[Saved data entries]

•••

(* Let $G$ be a non-chordal graph, $H$ a hole of $G$, and $S$ the equivalence class of $\sim_G$ containing $V(H)$. Let $u,v$ be two nonadjacent vertices of $H$. If $G+uv$ has a hole $H^*$ that is not a hole of $G$, then $V(H^* )\subseteq S$.
   Context: All graphs are finite and simple. A hole of $G$ is an induced cycle of length at least $4$; $G$ is chordal if it has no hole. $\mathcal H(G)$ is the set of holes of $G$ and $\Omega(G)=\bigcup_{H\in\mathcal H(G)}V(H)$. The relation $\sim_G$ on $\Omega(G)$ is defined by $x\sim_G y$ iff $x,y$ lie on a common hole, or there is a sequence $H_1,\dots,H_t$ of distinct holes of $G$ with $x\in V(H_1)$, $y\in V(H_t)$ and $H_i,H_{i+1}$ sharing a vertex for each $i$; it is an equivalence relation and the vertex set of each hole lies in a single class. *)

From mathcomp Require Import all_boot.
Set Implicit Arguments. Unset Strict Implicit. Unset Printing Implicit Defensive.

Definition simple_graph (T : finType) (e : rel T) : Prop :=
  symmetric e /\ irreflexive e.

Definition add_edge (T : finType) (e : rel T) (u v : T) : rel T :=
  fun x y => [|| e x y, (x == u) && (y == v) | (x == v) && (y == u)].

(* A hole of G: an induced cycle of length >= 4, given by the cyclic
   sequence s of its (distinct) vertices: two vertices of s are adjacent
   in G iff they are cyclically consecutive in s. *)
Definition is_hole (T : finType) (e : rel T) (s : seq T) : Prop :=
  [/\ uniq s, 4 <= size s &
      forall (x0 : T) (i j : nat), i < size s -> j < size s ->
        e (nth x0 s i) (nth x0 s j) =
        (j == i.+1 %% size s) || (i == j.+1 %% size s)].

(* x ~_G y : there is a sequence of holes H1 (= H0 below), ..., Ht with
   x in H1, y in Ht and consecutive holes sharing a vertex (t = 1 is the
   case of a common hole). *)
Definition hole_equiv (T : finType) (e : rel T) (x y : T) : Prop :=
  exists (H0 : seq T) (hs : seq (seq T)),
    [/\ is_hole e H0, (forall K, K \in hs -> is_hole e K),
        x \in H0, y \in last H0 hs &
        path (fun A B : seq T => has (fun z => z \in B) A) H0 hs].

From mathcomp Require Import all_boot zify.
From Stdlib Require Import Classical.
Set Implicit Arguments. Unset Strict Implicit. Unset Printing Implicit Defensive.

(* As [Hs] is not a hole of [G], it passes through the new edge [uv]; deleting this edge
   leaves an induced path [p 0, ..., p k] of [G] from [u] to [v], with [k >= 3], covering
   [Hs]. So it suffices to put every vertex [w = p i] outside [H] on a hole of [G] that
   meets [H]; reversing the path if needed, [w] is not adjacent to [p 0].
   Walk around [H] in both directions from [p 0] up to the first vertex adjacent to [w]
   or equal to [p k]. If [p k] comes first on one side, the path from [p i.-1] back to
   [p 0], that arc of [H], and the path from [p k] back to [p i.+1] form a walk avoiding
   all other neighbours of [w]; a shortest subwalk closes a hole with [w], and this hole
   meets [H] because along the path it cannot get past [w]. Otherwise the first
   neighbours of [w] on the two sides are separated by [p k], hence nonadjacent, and the
   arc of [H] between them through [p 0] closes a hole with [w]. *)

Lemma modnS_lt x m : x < m -> x.+1 %% m = if x.+1 == m then 0 else x.+1.
Proof. by move=> ltxm; case: eqP => [->|ne]; rewrite ?modnn // modn_small //; lia. Qed.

•••

Above are some records; copy exactly the lines from the one with "Definition hole_equiv (T" through the one with "leaves an induced", both included, and no others.

Definition hole_equiv (T : finType) (e : rel T) (x y : T) : Prop :=
  exists (H0 : seq T) (hs : seq (seq T)),
    [/\ is_hole e H0, (forall K, K \in hs -> is_hole e K),
        x \in H0, y \in last H0 hs &
        path (fun A B : seq T => has (fun z => z \in B) A) H0 hs].

From mathcomp Require Import all_boot zify.
From Stdlib Require Import Classical.
Set Implicit Arguments. Unset Strict Implicit. Unset Printing Implicit Defensive.

(* As [Hs] is not a hole of [G], it passes through the new edge [uv]; deleting this edge
   leaves an induced path [p 0, ..., p k] of [G] from [u] to [v], with [k >= 3], covering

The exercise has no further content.